Canthotomy (also called lateral canthotomy and canthotomy with cantholysis) is a surgical procedure where the lateral canthus, or corner, of the eye is cut to relieve the fluid pressure inside or behind the eye, known as intraocular pressure (IOC). The procedure is typically done in emergency situations when the intraocular pressure becomes too high, which can damage the optic nerve and lead to blindness if left untreated.

The most common cause of elevated intraocular pressure is orbital compartment syndrome (OCS) caused by trauma, retrobulbar hemorrhage, infections, tumors, or prolonged hypoxemia.
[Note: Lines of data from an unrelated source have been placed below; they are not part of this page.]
(* For all real $y$, $$\sum_{k=0}^{4}g_{5k}^2(y)=\frac15e^{2y}+\frac25e^{(\sqrt5-1)y/2}+\frac25e^{-(\sqrt5+1)y/2}.$$
   Context: The polar 5-dimensional cosexponential functions are $g_{5k}(y)=\sum_{p=0}^\infty \frac{y^{k+5p}}{(k+5p)!}$ for $k=0,\dots,4$ and real $y$. *)

From Stdlib Require Import Reals.
From Coquelicot Require Import Coquelicot.
Open Scope R_scope.

Definition g5 (k : nat) (y : R) : R :=
  Series (fun p : nat => y ^ (k + 5 * p) / INR (Factorial.fact (k + 5 * p))).

From Stdlib Require Import Reals Lia Lra.
From Coquelicot Require Import Coquelicot.
Open Scope R_scope.

(* Each [g_{5k}] is an entire power series, and differentiation permutes them
   cyclically: [g_{5k}' = g_{5(k-1)}], indices mod 5.  For the quadratic forms
   [S0 = sum g_k^2], [S1 = sum g_k g_{k+1}], [S2 = sum g_k g_{k+2}] this gives
   [S0' = 2 S1], [S1' = S0 + S2], [S2' = S1 + S2].  So whenever
   [l^3 - l^2 - 3 l + 2 = (l - 2) (l^2 + l - 1) = 0], the combination
   [S0 + l S1 + (l^2 - 2) S2] satisfies [E' = l E] and [E 0 = 1], hence equals
   [exp (l y)].  Adding the combination for [l = 2] to twice those for the
   roots [(sqrt 5 - 1) / 2] and [- (sqrt 5 + 1) / 2] of [l^2 + l - 1] cancels
   [S1] and [S2] and leaves [5 S0]. *)

Definition cosexp (m k : nat) (y : R) : R :=
  Series (fun p => y ^ (k + m * p) / INR (Factorial.fact (k + m * p))).

Definition cosexp_coef (m k n : nat) : R :=
  if n mod m =? k then / INR (Factorial.fact n) else 0.

Lemma CV_radius_gt_of_CV_disk (a : nat -> R) :
  (forall x, CV_disk a x) -> forall x, Rbar_lt (Rabs x) (CV_radius a).
Proof.
  intros Ha x.
  apply Rbar_lt_le_trans with (Rabs x + 1); [simpl; lra |].
  apply (proj1 (Lub_Rbar_correct _)), Ha.
Qed.

Lemma Rabs_cosexp_coef_le m k n :
  Rabs (cosexp_coef m k n) <= / INR (Factorial.fact n).
Proof.
  pose proof (Rinv_0_lt_compat _ (INR_fact_lt_0 n)) as inv_fact_pos.
  unfold cosexp_coef; destruct (_ =? _).
  - rewrite Rabs_right; lra.
  - rewrite Rabs_R0; lra.
Qed.

Lemma CV_disk_cosexp_coef m k x : CV_disk (cosexp_coef m k) x.
Proof.
  apply (@ex_series_le R_AbsRing R_CompleteNormedModule _
           (fun n => / INR (Factorial.fact n) * Rabs x ^ n)).
  - intros n. unfold norm; simpl; unfold abs; simpl.
    rewrite Rabs_Rabsolu, Rabs_mult, <- RPow_abs.
    apply Rmult_le_compat_r; [apply pow_le, Rabs_pos | apply Rabs_cosexp_coef_le].
  - exists (exp (Rabs x)).
    eapply is_series_ext; [| exact (is_exp_Reals (Rabs x))].
    intros n. unfold scal; simpl; unfold mult; simpl.
    rewrite pow_n_pow. ring.
Qed.

Lemma succ_mod_eqb m n k :
  (k < m)%nat -> (S n mod m =? S k mod m) = (n mod m =? k).
Proof.
  intros Hk.
  assert (succ_mod : forall i, (i < m)%nat ->
            S i mod m = (if S i =? m then 0 else S i)%nat).
  { intros i Hi. destruct (Nat.eqb_spec (S i) m) as [<- | Hne].
    - apply Nat.Div0.mod_same.
    - apply Nat.mod_small. lia. }
  assert (Hr : (n mod m < m)%nat) by (apply Nat.mod_upper_bound; lia).
  rewrite <- Nat.add_1_r, <- Nat.Div0.add_mod_idemp_l, Nat.add_1_r.
  rewrite (succ_mod _ Hr), (succ_mod _ Hk).
  apply Bool.eq_true_iff_eq. rewrite !Nat.eqb_eq.
  destruct (Nat.eqb_spec (S (n mod m)) m), (Nat.eqb_spec (S k) m); lia.
Qed.

Lemma PS_derive_cosexp_coef m k n :
  (k < m)%nat -> PS_derive (cosexp_coef m (S k mod m)) n = cosexp_coef m k n.
Proof.
  intros Hk. unfold PS_derive, cosexp_coef.
  rewrite succ_mod_eqb by exact Hk.
  destruct (_ =? _); [| ring].
  rewrite fact_simpl, mult_INR. field.
  split; [apply INR_fact_neq_0 | apply not_0_INR; lia].
Qed.

Lemma cosexp_coef_lt m k n :
  (k < m)%nat -> (n < k)%nat -> cosexp_coef m k n = 0.
Proof.
  intros Hk Hn. unfold cosexp_coef.
  rewrite Nat.mod_small by lia.
  destruct (Nat.eqb_spec n k); [lia | reflexivity].
Qed.

Lemma cosexp_coef_on m k p :
  (k < m)%nat -> cosexp_coef m k (k + m * p) = / INR (Factorial.fact (k + m * p)).
Proof.
  intros Hk. unfold cosexp_coef.
  replace (k + m * p)%nat with (k + p * m)%nat at 1 by lia.
  rewrite Nat.Div0.mod_add, Nat.mod_small, Nat.eqb_refl by exact Hk.
  reflexivity.
Qed.

Lemma cosexp_coef_off m k p j :
  (k < m)%nat -> (0 < j < m)%nat -> cosexp_coef m k (k + m * p + j) = 0.
Proof.
  intros Hk Hj. unfold cosexp_coef.
  replace (k + m * p + j)%nat with (k + j + p * m)%nat by lia.
  rewrite Nat.Div0.mod_add.
  destruct (Nat.lt_ge_cases (k + j) m).
  - rewrite Nat.mod_small by lia.
    destruct (Nat.eqb_spec (k + j) k); [lia | reflexivity].
  - replace (k + j)%nat with (k + j - m + 1 * m)%nat by lia.
    rewrite Nat.Div0.mod_add, Nat.mod_small by lia.
    destruct (Nat.eqb_spec (k + j - m) k); [lia | reflexivity].
Qed.

Section PartialSums.

Variables (m k : nat) (y : R).
Hypothesis k_lt_m : (k < m)%nat.

Let term (n : nat) : R := y ^ n * cosexp_coef m k n.
Let cosexp_term (p : nat) : R :=
  y ^ (k + m * p) / INR (Factorial.fact (k + m * p)).

Lemma sum_cosexp_coef_lt n : (n < k)%nat -> sum_f_R0 term n = 0.
Proof.
  induction n as [| n IH]; intros Hn; simpl.
  - unfold term. rewrite cosexp_coef_lt by lia. ring.
  - rewrite IH by lia. unfold term. rewrite cosexp_coef_lt by lia. ring.
Qed.

Lemma sum_cosexp_coef_block p j :
  sum_f_R0 term (k + m * p) = sum_f_R0 cosexp_term p -> (j < m)%nat ->
  sum_f_R0 term (k + m * p + j) = sum_f_R0 cosexp_term p.
Proof.
  intros Hp. induction j as [| j IH]; intros Hj.
  - rewrite Nat.add_0_r. exact Hp.
  - rewrite Nat.add_succ_r, tech5, IH by lia. unfold term.
    rewrite <- Nat.add_succ_r, cosexp_coef_off by lia. ring.
Qed.

Lemma sum_cosexp_coef p :
  sum_f_R0 term (k + m * p) = sum_f_R0 cosexp_term p.
Proof.
  induction p as [| p IH].
  - assert (sum_first : sum_f_R0 term k = term k).
    { destruct (Nat.eq_0_gt_0_cases k) as [k0 | k_pos].
      - rewrite k0. reflexivity.
      - replace k with (S (pred k)) at 1 by lia.
        rewrite tech5, sum_cosexp_coef_lt by lia.
        replace (S (pred k)) with k by lia. ring. }
    rewrite Nat.mul_0_r, Nat.add_0_r, sum_first. cbn [sum_f_R0].
    unfold term, cosexp_term, cosexp_coef.
    rewrite Nat.mul_0_r, Nat.add_0_r, Nat.mod_small, Nat.eqb_refl by exact k_lt_m.
    unfold Rdiv. ring.
  - replace (k + m * S p)%nat with (S (k + m * p + (m - 1))) by lia.
    rewrite tech5, (sum_cosexp_coef_block p (m - 1) IH) by lia.
    replace (S (k + m * p + (m - 1))) with (k + m * S p)%nat by lia.
    rewrite tech5. unfold term, cosexp_term.
    rewrite cosexp_coef_on by exact k_lt_m. unfold Rdiv. ring.
Qed.

End PartialSums.

Lemma cosexp_PSeries m k y :
  (k < m)%nat -> cosexp m k y = PSeries (cosexp_coef m k) y.
Proof.
  intros Hk. apply is_series_unique.
  assert (H : is_pseries (cosexp_coef m k) y (PSeries (cosexp_coef m k) y))
    by apply PSeries_correct, CV_disk_correct, CV_disk_cosexp_coef.
  eapply filterlim_ext;
    [| eapply filterlim_comp;
       [apply (eventually_subseq (fun p => k + m * p)%nat) | exact H]].
  - intros p. simpl. rewrite !sum_n_Reals, <- sum_cosexp_coef by exact Hk.
    apply sum_eq. intros i _. unfold scal; simpl; unfold mult; simpl.
    rewrite pow_n_pow. ring.
  - intros p. lia.
Qed.

Lemma is_derive_cosexp m k y :
  (k < m)%nat -> is_derive (cosexp m (S k mod m)) y (cosexp m k y).
Proof.
  intros Hk.
  assert (Hsk : (S k mod m < m)%nat) by (apply Nat.mod_upper_bound; lia).
  apply (is_derive_ext (PSeries (cosexp_coef m (S k mod m)))).
  { intros t. symmetry. apply cosexp_PSeries, Hsk. }
  rewrite cosexp_PSeries by exact Hk.
  replace (PSeries (cosexp_coef m k) y)
    with (PSeries (PS_derive (cosexp_coef m (S k mod m))) y)
    by (apply PSeries_ext; intros n; apply PS_derive_cosexp_coef, Hk).
  apply is_derive_PSeries, CV_radius_gt_of_CV_disk, CV_disk_cosexp_coef.
Qed.

Lemma cosexp_at_0 m k :
  (k < m)%nat -> cosexp m k 0 = if k =? 0 then 1 else 0.
Proof.
  intros Hk. rewrite cosexp_PSeries, PSeries_0 by exact Hk.
  unfold cosexp_coef. rewrite Nat.Div0.mod_0_l, Nat.eqb_sym.
  destruct (k =? 0); [apply Rinv_1 | reflexivity].
Qed.

(* [f y * exp (- c y)] has zero derivative, hence is constant. *)
Lemma eq_exp_of_is_derive_scal (f : R -> R) (c : R) :
  (forall y, is_derive f y (c * f y)) -> forall y, f y = f 0 * exp (c * y).
Proof.
  intros Hf y.
  set (h := fun t => f t * exp (- c * t)).
  assert (h' : forall t, is_derive h t 0).
  { intros t. unfold h.
    assert (He : is_derive (fun t => exp (- c * t)) t (- c * exp (- c * t)))
      by (auto_derive; [exact I | ring]).
    replace 0 with (c * f t * exp (- c * t) + f t * (- c * exp (- c * t))) by ring.
    exact (is_derive_mult _ _ t _ _ (Hf t) He Rmult_comm). }
  destruct (MVT_cor4 h (fun _ => 0) 0 (Rabs (y - 0))) with (b := y)
    as [x [Hx _]]; [intros t _; apply h' | lra |].
  unfold h in Hx.
  rewrite Rmult_0_l, Rmult_0_r, exp_0 in Hx.
  replace (f y) with (f y * exp (- c * y) * exp (c * y)).
  - replace (f y * exp (- c * y)) with (f 0) by lra. reflexivity.
  - rewrite Rmult_assoc, <- exp_plus.
    replace (- c * y + c * y) with 0 by ring. rewrite exp_0. ring.
Qed.

Lemma golden_cubic l : l ^ 2 + l - 1 = 0 -> l ^ 3 - l ^ 2 - 3 * l + 2 = 0.
Proof.
  intros Hl.
  replace (l ^ 3 - l ^ 2 - 3 * l + 2) with ((l - 2) * (l ^ 2 + l - 1)) by ring.
  rewrite Hl. ring.
Qed.

Section CyclicSystem.

Variables f0 f1 f2 f3 f4 : R -> R.
Hypotheses (f0' : forall y, is_derive f0 y (f4 y))
           (f1' : forall y, is_derive f1 y (f0 y))
           (f2' : forall y, is_derive f2 y (f1 y))
           (f3' : forall y, is_derive f3 y (f2 y))
           (f4' : forall y, is_derive f4 y (f3 y)).
Hypotheses (f0_0 : f0 0 = 1) (f1_0 : f1 0 = 0) (f2_0 : f2 0 = 0)
           (f3_0 : f3 0 = 0) (f4_0 : f4 0 = 0).

Let Derive_f0 y : Derive f0 y = f4 y. Proof. exact (is_derive_unique _ _ _ (f0' y)). Qed.
Let Derive_f1 y : Derive f1 y = f0 y. Proof. exact (is_derive_unique _ _ _ (f1' y)). Qed.
Let Derive_f2 y : Derive f2 y = f1 y. Proof. exact (is_derive_unique _ _ _ (f2' y)). Qed.
Let Derive_f3 y : Derive f3 y = f2 y. Proof. exact (is_derive_unique _ _ _ (f3' y)). Qed.
Let Derive_f4 y : Derive f4 y = f3 y. Proof. exact (is_derive_unique _ _ _ (f4' y)). Qed.

Definition sum_sq (y : R) : R :=
  f0 y ^ 2 + f1 y ^ 2 + f2 y ^ 2 + f3 y ^ 2 + f4 y ^ 2.
Definition sum_adj (y : R) : R :=
  f0 y * f1 y + f1 y * f2 y + f2 y * f3 y + f3 y * f4 y + f4 y * f0 y.
Definition sum_skip (y : R) : R :=
  f0 y * f2 y + f1 y * f3 y + f2 y * f4 y + f3 y * f0 y + f4 y * f1 y.

Lemma is_derive_sum_sq y : is_derive sum_sq y (2 * sum_adj y).
Proof.
  unfold sum_sq, sum_adj. auto_derive; [repeat split; eexists; eauto |].
  rewrite Derive_f0, Derive_f1, Derive_f2, Derive_f3, Derive_f4. ring.
Qed.

Lemma is_derive_sum_adj y : is_derive sum_adj y (sum_sq y + sum_skip y).
Proof.
  unfold sum_sq, sum_adj, sum_skip. auto_derive; [repeat split; eexists; eauto |].
  rewrite Derive_f0, Derive_f1, Derive_f2, Derive_f3, Derive_f4. ring.
Qed.

Lemma is_derive_sum_skip y : is_derive sum_skip y (sum_adj y + sum_skip y).
Proof.
  unfold sum_adj, sum_skip. auto_derive; [repeat split; eexists; eauto |].
  rewrite Derive_f0, Derive_f1, Derive_f2, Derive_f3, Derive_f4. ring.
Qed.

Definition energy (l y : R) : R :=
  sum_sq y + l * sum_adj y + (l ^ 2 - 2) * sum_skip y.

Lemma is_derive_energy l y :
  l ^ 3 - l ^ 2 - 3 * l + 2 = 0 -> is_derive (energy l) y (l * energy l y).
Proof.
  intros Hl.
  assert (eigen : 2 * sum_adj y + l * (sum_sq y + sum_skip y)
                  + (l ^ 2 - 2) * (sum_adj y + sum_skip y) = l * energy l y).
  { transitivity (l * energy l y - (l ^ 3 - l ^ 2 - 3 * l + 2) * sum_skip y);
      [unfold energy; ring | rewrite Hl; ring]. }
  rewrite <- eigen. unfold energy.
  apply (@is_derive_plus R_AbsRing R_NormedModule);
    [apply (@is_derive_plus R_AbsRing R_NormedModule) |].
  - apply is_derive_sum_sq.
  - apply is_derive_scal, is_derive_sum_adj.
  - apply is_derive_scal, is_derive_sum_skip.
Qed.

Lemma energy_exp l y :
  l ^ 3 - l ^ 2 - 3 * l + 2 = 0 -> energy l y = exp (l * y).
Proof.
  intros Hl.
  rewrite (eq_exp_of_is_derive_scal (energy l) l (fun t => is_derive_energy l t Hl) y).
  unfold energy, sum_sq, sum_adj, sum_skip.
  rewrite f0_0, f1_0, f2_0, f3_0, f4_0. ring.
Qed.

Lemma sum_sq_exp y :
  sum_sq y = / 5 * exp (2 * y)
             + 2 / 5 * exp ((sqrt 5 - 1) * y / 2)
             + 2 / 5 * exp (- ((sqrt 5 + 1) * y / 2)).
Proof.
  assert (sqrt5_sq : sqrt 5 * sqrt 5 = 5) by (apply sqrt_sqrt; lra).
  set (a := (sqrt 5 - 1) / 2).
  assert (golden : a ^ 2 + a - 1 = 0) by (unfold a; nra).
  replace ((sqrt 5 - 1) * y / 2) with (a * y) by (unfold a; field).
  replace (- ((sqrt 5 + 1) * y / 2)) with ((-1 - a) * y) by (unfold a; field).
  rewrite <- (energy_exp 2 y) by ring.
  rewrite <- (energy_exp a y) by (apply golden_cubic, golden).
  rewrite <- (energy_exp (-1 - a) y) by (apply golden_cubic; nra).
  unfold energy.
  transitivity (sum_sq y + 4 / 5 * (a ^ 2 + a - 1) * sum_skip y);
    [rewrite golden; ring | field].
Qed.

End CyclicSystem.

Theorem mainTheorem4 : forall y : R,
  sum_f_R0 (fun k => (g5 k y) ^ 2) 4 =
    / 5 * exp (2 * y)
    + 2 / 5 * exp ((sqrt 5 - 1) * y / 2)
    + 2 / 5 * exp (- ((sqrt 5 + 1) * y / 2)).
Proof.
  intros y.
  exact (sum_sq_exp (cosexp 5 0) (cosexp 5 1) (cosexp 5 2) (cosexp 5 3) (cosexp 5 4)
    (fun t => is_derive_cosexp 5 4 t ltac:(lia))
    (fun t => is_derive_cosexp 5 0 t ltac:(lia))
    (fun t => is_derive_cosexp 5 1 t ltac:(lia))
    (fun t => is_derive_cosexp 5 2 t ltac:(lia))
    (fun t => is_derive_cosexp 5 3 t ltac:(lia))
    (cosexp_at_0 5 0 ltac:(lia)) (cosexp_at_0 5 1 ltac:(lia))
    (cosexp_at_0 5 2 ltac:(lia)) (cosexp_at_0 5 3 ltac:(lia))
    (cosexp_at_0 5 4 ltac:(lia)) y).
Qed.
Absolute contraindications to canthotomy include globe rupture. Complications include bleeding, infections, cosmetic deformities, and functional impairment of eyelids. Lateral canthotomy further specifies that the lateral canthus is being cut. Canthotomy with cantholysis includes cutting the lateral palpebral ligament, also known as the canthal tendon.

== History ==
The first case of orbital compartment syndrome causing monocular blindness was published in 1950 due to a complication of a zygomatic fracture repair. In 1953, the first surgical orbital decompression was performed. Two incisions below and above the external canthus were made and surgical drains were put in place. In 1990, the first lateral canthotomy procedure as presently performed was completed. In 1994, lateral canthotomy was first published in a review of procedures that emergency physicians can perform. Today, a canthotomy is almost always performed with cantholysis of the inferior canthal tendon as this provides the best decompression of intraocular pressure.

== Indications ==
A canthotomy is often used as a last resort to decompress orbital compartment syndrome. Orbital compartment syndrome can be caused by trauma, infections, tumors, retrobulbar hemorrhage, or prolonged hypoxemia. Orbital compartment syndrome can be recognized by elevated intraocular pressure, globe compressibility, afferent pupillary defect, proptosis, decreased visual acuity, and decreased extraocular muscle movements.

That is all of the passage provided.